Limits: 4G RAM, no swap, 16 CPUs.
```sh
BENCH=$(ls -t target/release/deps/alloc_bench-* | grep -v '\.d$' | head -1)
systemd-run --user -p MemoryMax=4G -p MemorySwapMax=0 -p CPUQuota=1600% \
--wait --pipe "$BENCH"
```
Adjust `CPUQuota` to match the host (100% per core, e.g. 800% for 8 cores).
## Paging benchmarks
Allocates 3x the memory limit, forces swap, measures random read latency (CCDF)

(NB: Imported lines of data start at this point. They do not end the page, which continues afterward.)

(* Let $H_{\mathcal L,\Theta}$ be a Hamburger Hamiltonian with $N<\infty$ and let $m$ be its Weyl--Titchmarsh function. Let $\kappa$ be the number of $k\in\{1,\dots,N\}$ with $\theta_k\notin\pi\mathbb Z$, and for $j\in\{0,\dots,\kappa\}$ let $k(j)$ be the largest integer $k\in\{0,\dots,N\}$ such that exactly $j$ of $\theta_0,\dots,\theta_{k-1}$ are not in $\pi\mathbb Z$. Define $l_j:=\ell_{k(j)}\sin^2(\theta_{k(j)})$ for $j\in\{0,\dots,\kappa\}$ and, for $j\in\{0,\dots,\kappa-1\}$, $\omega_j:=\cot(\theta_{k(j+1)})-\cot(\theta_{k(j)})$ and $\upsilon_j:=0$ if $k(j+1)-k(j)=1$, $\upsilon_j:=\ell_{k(j)+1}$ if $k(j+1)-k(j)=2$ (these are the only possibilities). Then for all $z\in\mathbb C\setminus\mathbb R$, $$m(z)=\cfrac{1}{-l_0z+\cfrac{1}{\omega_0+\upsilon_0z+\cfrac{1}{\ddots+\cfrac{1}{\omega_{\kappa-1}+\upsilon_{\kappa-1}z+\cfrac{1}{-l_\kappa z}}}}},$$ where $\frac{1}{-l_\kappa z}$ is interpreted as $0$ if $l_\kappa=\infty$.
   Context: For $\theta\in\mathbb R$ let $H_\theta:=\begin{pmatrix}\cos^2\theta&\cos\theta\sin\theta\\ \cos\theta\sin\theta&\sin^2\theta\end{pmatrix}$. Hamburger Hamiltonian: fix $L\in(0,\infty]$, $N\in\mathbb Z_{\ge0}\cup\{\infty\}$, reals $\{\ell_k\}_{k=0}^{N-1}$ and $\{\theta_k\}_{k=0}^{N}$ with $\theta_0=\pi/2$, $\ell_k>0$ and $\theta_k<\theta_{k+1}<\theta_k+\pi$ for $k\in\{0,\dots,N-1\}$. Set $x_{-1}:=0$, $x_k:=x_{k-1}+\ell_k$. If $N<\infty$, assume $x_{N-1}<x_N:=L$ (and put $\ell_N:=L-x_{N-1}\in(0,\infty]$) and $\theta_N\notin\pi\mathbb Z$; if $N=\infty$, $L:=\sum_{k\ge0}\ell_k$. Then $H_{\mathcal L,\Theta}(x):=\sum_{k=0}^N H_{\theta_k}\mathbb 1_{[x_{k-1},x_k)}(x)$, $x\in[0,L)$. Its Weyl--Titchmarsh function is $m(z):=\lim_{x\to L}U_{11}(z,x)/U_{12}(z,x)$, $z\in\mathbb C\setminus\mathbb R$, where $U(z,\cdot)$ solves $U(z,x)=I-z\int_0^xJH_{\mathcal L,\Theta}(t)U(z,t)\,dt$, $J=\begin{pmatrix}0&1\\-1&0\end{pmatrix}$. *)

From Stdlib Require Import Reals ClassicalDescription Lia.
Open Scope R_scope.

Definition Cx : Type := (R * R)%type.
Definition Re (z : Cx) : R := fst z.
Definition Im (z : Cx) : R := snd z.
Definition RtoC (a : R) : Cx := (a, 0).
Definition Cadd (u v : Cx) : Cx := (Re u + Re v, Im u + Im v).
Definition Copp (u : Cx) : Cx := (- Re u, - Im u).
Definition Cmul (u v : Cx) : Cx :=
  (Re u * Re v - Im u * Im v, Re u * Im v + Im u * Re v).
Definition Cinv (u : Cx) : Cx :=
  (Re u / (Re u ^ 2 + Im u ^ 2), - Im u / (Re u ^ 2 + Im u ^ 2)).
Definition Cdiv (u v : Cx) : Cx := Cmul u (Cinv v).
Definition Cnorm (u : Cx) : R := sqrt (Re u ^ 2 + Im u ^ 2).

(* A 2x2 matrix is a function of indices i j in {0,1}. *)
Definition Hmat (th : R) (i j : nat) : R :=
  match i, j with
  | 0%nat, 0%nat => cos th ^ 2
  | 0%nat, 1%nat => cos th * sin th
  | 1%nat, 0%nat => cos th * sin th
  | _, _ => sin th ^ 2
  end.
Definition Jmat (i j : nat) : R :=
  match i, j with
  | 0%nat, 1%nat => 1
  | 1%nat, 0%nat => -1
  | _, _ => 0
  end.
Definition JHmat (th : R) (i j : nat) : R :=
  Jmat i 0 * Hmat th 0 j + Jmat i 1 * Hmat th 1 j.

(* X k = x_{k-1} = l_0 + ... + l_{k-1}  (so X 0 = x_{-1} = 0) *)
Fixpoint X (ell : nat -> R) (k : nat) : R :=
  match k with 0%nat => 0 | S k' => X ell k' + ell k' end.

(* index of the interval [x_{k-1}, x_k) containing t (intervals k<N) ;
   = N on [x_{N-1}, L) *)
Fixpoint idx_aux (ell : nat -> R) (t : R) (n : nat) : nat :=
  match n with
  | 0%nat => 0%nat
  | S n' => (idx_aux ell t n' + (if Rle_dec (X ell (S n')) t then 1 else 0))%nat
  end.
Definition idx (N : nat) (ell : nat -> R) (t : R) : nat := idx_aux ell t N.

Definition Ham (N : nat) (ell th : nat -> R) (t : R) : nat -> nat -> R :=
  Hmat (th (idx N ell t)).
Definition JHam (N : nat) (ell th : nat -> R) (t : R) : nat -> nat -> R :=
  JHmat (th (idx N ell t)).

(* L : option R, None meaning L = +infinity *)
Definition in_dom (L : option R) (x : R) : Prop :=
  0 <= x /\ match L with Some L0 => x < L0 | None => True end.

Definition delta (i j : nat) : Cx := if Nat.eqb i j then RtoC 1 else RtoC 0.

(* U : R -> (2x2 complex matrix) solves
   U(z,x) = I - z int_0^x J H(t) U(z,t) dt   for all x in [0,L),
   the integral being the (Riemann) integral of real and imaginary parts. *)
Definition solves_IE (N : nat) (ell th : nat -> R) (L : option R) (z : Cx)
    (U : R -> nat -> nat -> Cx) : Prop :=
  forall x, in_dom L x -> forall i j, (i < 2)%nat -> (j < 2)%nat ->
    exists (pre : Riemann_integrable
             (fun t => JHam N ell th t i 0 * Re (U t 0%nat j)
                     + JHam N ell th t i 1 * Re (U t 1%nat j)) 0 x)
           (pim : Riemann_integrable
             (fun t => JHam N ell th t i 0 * Im (U t 0%nat j)
                     + JHam N ell th t i 1 * Im (U t 1%nat j)) 0 x),
      U x i j = Cadd (delta i j) (Copp (Cmul z (RiemannInt pre, RiemannInt pim))).

Definition tends_to_L (L : option R) (f : R -> Cx) (c : Cx) : Prop :=
  match L with
  | Some L0 => forall eps, 0 < eps -> exists delta, 0 < delta /\
      forall x, in_dom L x -> L0 - delta < x -> Cnorm (Cadd (f x) (Copp c)) < eps
  | None => forall eps, 0 < eps -> exists M,
      forall x, in_dom L x -> M <= x -> Cnorm (Cadd (f x) (Copp c)) < eps
  end.

Definition in_piZ (t : R) : Prop := exists n : Z, t = IZR n * PI.
Definition notpiZb (t : R) : nat :=
  if excluded_middle_informative (in_piZ t) then 0%nat else 1%nat.

Fixpoint cnt_from (th : nat -> R) (a n : nat) : nat :=
  match n with 0%nat => 0%nat | S n' => (cnt_from th a n' + notpiZb (th (a + n')%nat))%nat end.

Definition kappa (N : nat) (th : nat -> R) : nat := cnt_from th 1 N.

(* largest k in {0..n} with exactly j of theta_0..theta_{k-1} not in pi Z
   (returns 0 if none) *)
Fixpoint kj_aux (th : nat -> R) (j n : nat) : nat :=
  match n with
  | 0%nat => 0%nat
  | S n' => if Nat.eqb (cnt_from th 0 (S n')) j then S n' else kj_aux th j n'
  end.
Definition kj (N : nat) (th : nat -> R) (j : nat) : nat := kj_aux th j N.

Definition cot (t : R) : R := cos t / sin t.

(* ell_k as extended real: None = +infinity; ell_N = L - x_{N-1} *)
Definition ellx (N : nat) (ell : nat -> R) (L : option R) (k : nat) : option R :=
  if Nat.ltb k N then Some (ell k)
  else match L with Some L0 => Some (L0 - X ell N) | None => None end.

Definition lj (N : nat) (ell th : nat -> R) (L : option R) (j : nat) : option R :=
  match ellx N ell L (kj N th j) with
  | Some a => Some (a * sin (th (kj N th j)) ^ 2)
  | None => None
  end.

Definition omegaj (N : nat) (th : nat -> R) (j : nat) : R :=
  cot (th (kj N th (S j))) - cot (th (kj N th j)).

Definition upsj (N : nat) (ell th : nat -> R) (j : nat) : R :=
  if Nat.eqb (kj N th (S j) - kj N th j) 1 then 0 else ell (S (kj N th j)).

Definition inv_mlz (l : option R) (z : Cx) : Cx :=
  match l with Some a => Cinv (Cmul (RtoC (- a)) z) | None => RtoC 0 end.

Fixpoint cfrac (N : nat) (ell th : nat -> R) (L : option R) (z : Cx) (n j : nat) : Cx :=
  match n with
  | 0%nat => inv_mlz (lj N ell th L j) z
  | S n' =>
    let lz := match lj N ell th L j with
              | Some a => Cmul (RtoC (- a)) z | None => RtoC 0 end in
    Cinv (Cadd lz
      (Cinv (Cadd (Cadd (RtoC (omegaj N th j)) (Cmul (RtoC (upsj N ell th j)) z))
                  (cfrac N ell th L z n' (S j)))))
  end.

From Stdlib Require Import Reals Lra Lia Psatz Field ClassicalDescription.
From Coquelicot Require Import Hierarchy RInt.
Open Scope R_scope.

and realloc+touch latency from a swapped pool.
```sh
systemd-run --user -p MemoryMax=512M -p MemorySwapMax=4G -p CPUQuota=1600% \
--wait --pipe "$BENCH" -- --paging
```
For heavier swap pressure:
```sh
systemd-run --user -p MemoryMax=128M -p MemorySwapMax=4G -p CPUQuota=1600% \
--wait --pipe "$BENCH" -- --paging
```
## What to look at
* **lgalloc vs sysalloc+touch**: the main comparison.
lgalloc reuses faulted pages; the system allocator mmaps/munmaps on each cycle.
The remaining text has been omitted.